■ **ACTION ITEM**
Having located "have [-> | m_neq0]" in the records below, repeat exactly the line it is on and all subsequent lines, ending with the last.
SUPPLIED DATA START
(* Let $T\in\mathcal{B}(\mathcal{H})$ be a self-adjoint operator which is the pencil of a pair of projections at $\lambda\in\mathbb{R}$ and the pencil of a pair of projections at $\mu\in\mathbb{R}$. If one of $\lambda$ and $\mu$ is zero, then the other belongs to $\{-1,0,1\}$.
   Context: $\mathcal{H}$ is an infinite-dimensional complex Hilbert space; ''projection'' means orthogonal projection. For $\lambda\in\mathbb{R}$, $T$ is the pencil of a pair of projections at $\lambda$ if $T=\lambda P+Q$ for some nonzero projections $P,Q\in\mathcal{B}(\mathcal{H})$. *)

From HB Require Import structures.
From mathcomp Require Import all_boot all_order all_algebra.
From mathcomp Require Import complex.
From mathcomp Require Import reals.
Set Implicit Arguments. Unset Strict Implicit. Unset Printing Implicit Defensive.
Import Order.TTheory GRing.Theory Num.Theory.
Local Open Scope ring_scope.

Section Hilbert.
Variables (R : realType) (V : lmodType R[i]) (ip : V -> V -> R[i]).

Definition ipnorm (x : V) : R := Num.sqrt (complex.Re (ip x x)).

Definition inner_product_axioms : Prop :=
  [/\ (forall (a : R[i]) x y z, ip (a *: x + y) z = a * ip x z + ip y z),
      (forall x y, ip y x = (ip x y)^*),
      (forall x, 0 <= ip x x) &
      (forall x, ip x x = 0 -> x = 0)].

Definition complete_ip : Prop :=
  forall u : nat -> V,
    (forall e : R, 0 < e -> exists N, forall m n, (N <= m)%N -> (N <= n)%N ->
        ipnorm (u m - u n) < e) ->
    exists l : V, forall e : R, 0 < e -> exists N, forall n, (N <= n)%N ->
        ipnorm (u n - l) < e.

Definition complex_hilbert_space : Prop :=
  inner_product_axioms /\ complete_ip.

Definition infinite_dimensional : Prop :=
  forall n : nat, exists v : 'I_n -> V,
    forall c : 'I_n -> R[i], \sum_(i < n) c i *: v i = 0 -> forall i, c i = 0.

Definition bounded_operator (T : V -> V) : Prop :=
  [/\ (forall x y, T (x + y) = T x + T y),
      (forall (a : R[i]) x, T (a *: x) = a *: T x) &
      (exists M : R, forall x, ipnorm (T x) <= M * ipnorm x)].

Definition self_adjoint (T : V -> V) : Prop :=
  bounded_operator T /\ forall x y, ip (T x) y = ip x (T y).

Definition projection (P : V -> V) : Prop :=
  self_adjoint P /\ forall x, P (P x) = P x.

Definition nonzero_op (P : V -> V) : Prop := exists x, P x <> 0.

Definition pencil_at (T : V -> V) (lam : R) : Prop :=
  exists P Q : V -> V,
    [/\ projection P, nonzero_op P, projection Q, nonzero_op Q &
        forall x, T x = (lam%:C)%C *: P x + Q x].

End Hilbert.

From HB Require Import structures.
From mathcomp Require Import all_boot all_order all_algebra.
From mathcomp Require Import complex.
From mathcomp Require Import reals.
Import Order.TTheory GRing.Theory Num.Theory.
Local Open Scope ring_scope.

(* At lam = 0 the operator T = Q0 is idempotent.  If moreover
   T = a P + Q with idempotents P, Q and a <> 0, expanding T^2 = T gives
   (a - 1) P + P Q + Q P = 0.  Evaluated at u = P x0 <> 0 and compared with
   its image under P, this yields v := Q u = P v and 2 v = (1 - a) u; applying
   Q instead yields (a + 1) v = 0.  Hence (1 - a)(1 + a) u = 0, i.e. a = 1 or
   a = -1. *)

Section IdempotentPencil.
Variables (K : fieldType) (V : lmodType K) (P Q : V -> V) (a : K).
Hypotheses (P_add : {morph P : x y / x + y}) (Q_add : {morph Q : x y / x + y}).
Hypotheses (P_scale : forall c, {morph P : x / c *: x})
           (Q_scale : forall c, {morph Q : x / c *: x}).
Hypotheses (P_idem : idempotent_fun P) (Q_idem : idempotent_fun Q).
Hypothesis pencil_idem : idempotent_fun (fun x => a *: P x + Q x).
Hypothesis a_neq0 : a != 0.

Lemma idempotent_pencil_relation x : (a - 1) *: P x + P (Q x) + Q (P x) = 0.
Proof.
have idem := pencil_idem x; rewrite /= !P_add !Q_add !P_scale !Q_scale in idem.
rewrite [P (P x)]P_idem [Q (Q x)]Q_idem scalerDr scalerA in idem.
apply: (scalerI a_neq0); rewrite scaler0.
move/eqP: idem; rewrite -subr_eq0 => /eqP <-.
rewrite !scalerDr scalerA mulrBr mulr1 scalerBl !addrA.
rewrite [a *: P x + Q x]addrC addrKA [RHS]addrAC.
by rewrite (addrAC (_ *: P x) (- _)).
Qed.

Lemma idempotent_pencil_scale x0 : P x0 != 0 -> a = 1 \/ a = -1.
Proof.
move=> u_neq0; set u := P x0 in u_neq0; set v := Q u.
have Pu : P u = u by exact: P_idem.
have P0 : P 0 = 0 by have := P_scale 0 0; rewrite !scale0r.
have Q0 : Q 0 = 0 by have := Q_scale 0 0; rewrite !scale0r.
have rel_u : (a - 1) *: u + P v + v = 0.
  by have := idempotent_pencil_relation u; rewrite Pu.
have Pv : P v = v.
  have := congr1 P rel_u; rewrite P0 !P_add P_scale Pu [P (P v)]P_idem.
  by rewrite -rel_u => /addrI.
have two_v : v + v = (1 - a) *: u.
  by apply/eqP; rewrite -opprB scaleNr -addr_eq0 addrC addrA -{1}Pv rel_u.
have a1_v : (a + 1) *: v = 0.
  have := congr1 Q rel_u; rewrite Q0 !Q_add Q_scale -/v Pv [Q v]Q_idem.
  by rewrite -/v => <-; rewrite scalerDl scalerBl !scale1r subrK.
have : ((a + 1) * (1 - a)) *: u = 0.
  by rewrite -scalerA -two_v scalerDr a1_v addr0.
move/eqP; rewrite scaler_eq0 (negbTE u_neq0) orbF mulf_eq0.
by rewrite addr_eq0 subr_eq0 => /orP[/eqP|/eqP]; [right | left].
Qed.
End IdempotentPencil.

Section Pencils.
Variables (R : realType) (V : lmodType R[i]) (ip : V -> V -> R[i]) (T : V -> V).

Lemma pencil_at0_idempotent : pencil_at ip T 0 -> idempotent_fun T.
Proof.
move=> [P [Q [_ _ [_ Q_idem] _ hT]]] x /=.
have T_Q y : T y = Q y by rewrite hT scale0r add0r.
by rewrite !T_Q Q_idem.
Qed.

Lemma idempotent_pencil_at_scale (m : R) :
  idempotent_fun T -> pencil_at ip T m -> m != 0 -> m = 1 \/ m = -1.
Proof.
move=> T_idem [P [Q [[[[P_add P_scale _] _] P_idem] [x0 /eqP Px0_neq0]]]].
move=> [[[Q_add Q_scale _] _] Q_idem] _ hT m_neq0.
have mC_neq0 : (m%:C)%C != 0 :> R[i].
  by rewrite -(rmorph0 (real_complex R)) (inj_eq (@complexI R)).
have pencil_idem : idempotent_fun (fun x => (m%:C)%C *: P x + Q x).
  by move=> x /=; rewrite -!hT; exact: T_idem.
have [] := @idempotent_pencil_scale _ _ P Q _ P_add Q_add P_scale Q_scale
  P_idem Q_idem pencil_idem mC_neq0 _ Px0_neq0.
- by rewrite -(rmorph1 (real_complex R)) => /(@complexI R) ->; left.
- by rewrite -(rmorphN1 (real_complex R)) => /(@complexI R) ->; right.
Qed.

Lemma pencil_at0_scale (m : R) : pencil_at ip T 0 -> pencil_at ip T m ->
  m = -1 \/ m = 0 \/ m = 1.
Proof.
move=> /pencil_at0_idempotent T_idem T_m.
have [-> | m_neq0] := eqVneq m 0; first by right; left.
have [->|->] := idempotent_pencil_at_scale _ T_idem T_m m_neq0.
  by right; right.
by left.
Qed.

End Pencils.

Theorem proposition3p1 (R : realType) (V : lmodType R[i]) (ip : V -> V -> R[i])
  (hH : complex_hilbert_space ip) (hinf : infinite_dimensional V)
  (T : V -> V) (hT : self_adjoint ip T) (lam mu : R)
  (hlam : pencil_at ip T lam) (hmu : pencil_at ip T mu) :
  (lam = 0 -> mu = -1 \/ mu = 0 \/ mu = 1) /\
  (mu = 0 -> lam = -1 \/ lam = 0 \/ lam = 1).
Proof.
split=> [lam0 | mu0].
- by move: hlam; rewrite lam0 => /pencil_at0_scale; apply.
- by move: hmu; rewrite mu0 => /pencil_at0_scale; apply.
Qed.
SUPPLIED DATA END
■ **EXERCISE RESULT**
have [-> | m_neq0] := eqVneq m 0; first by right; left.
have [->|->] := idempotent_pencil_at_scale _ T_idem T_m m_neq0.
  by right; right.
by left.
Qed.

End Pencils.

Theorem proposition3p1 (R : realType) (V : lmodType R[i]) (ip : V -> V -> R[i])
  (hH : complex_hilbert_space ip) (hinf : infinite_dimensional V)
  (T : V -> V) (hT : self_adjoint ip T) (lam mu : R)
  (hlam : pencil_at ip T lam) (hmu : pencil_at ip T mu) :
  (lam = 0 -> mu = -1 \/ mu = 0 \/ mu = 1) /\
  (mu = 0 -> lam = -1 \/ lam = 0 \/ lam = 1).
Proof.
split=> [lam0 | mu0].
- by move: hlam; rewrite lam0 => /pencil_at0_scale; apply.
- by move: hmu; rewrite mu0 => /pencil_at0_scale; apply.
Qed.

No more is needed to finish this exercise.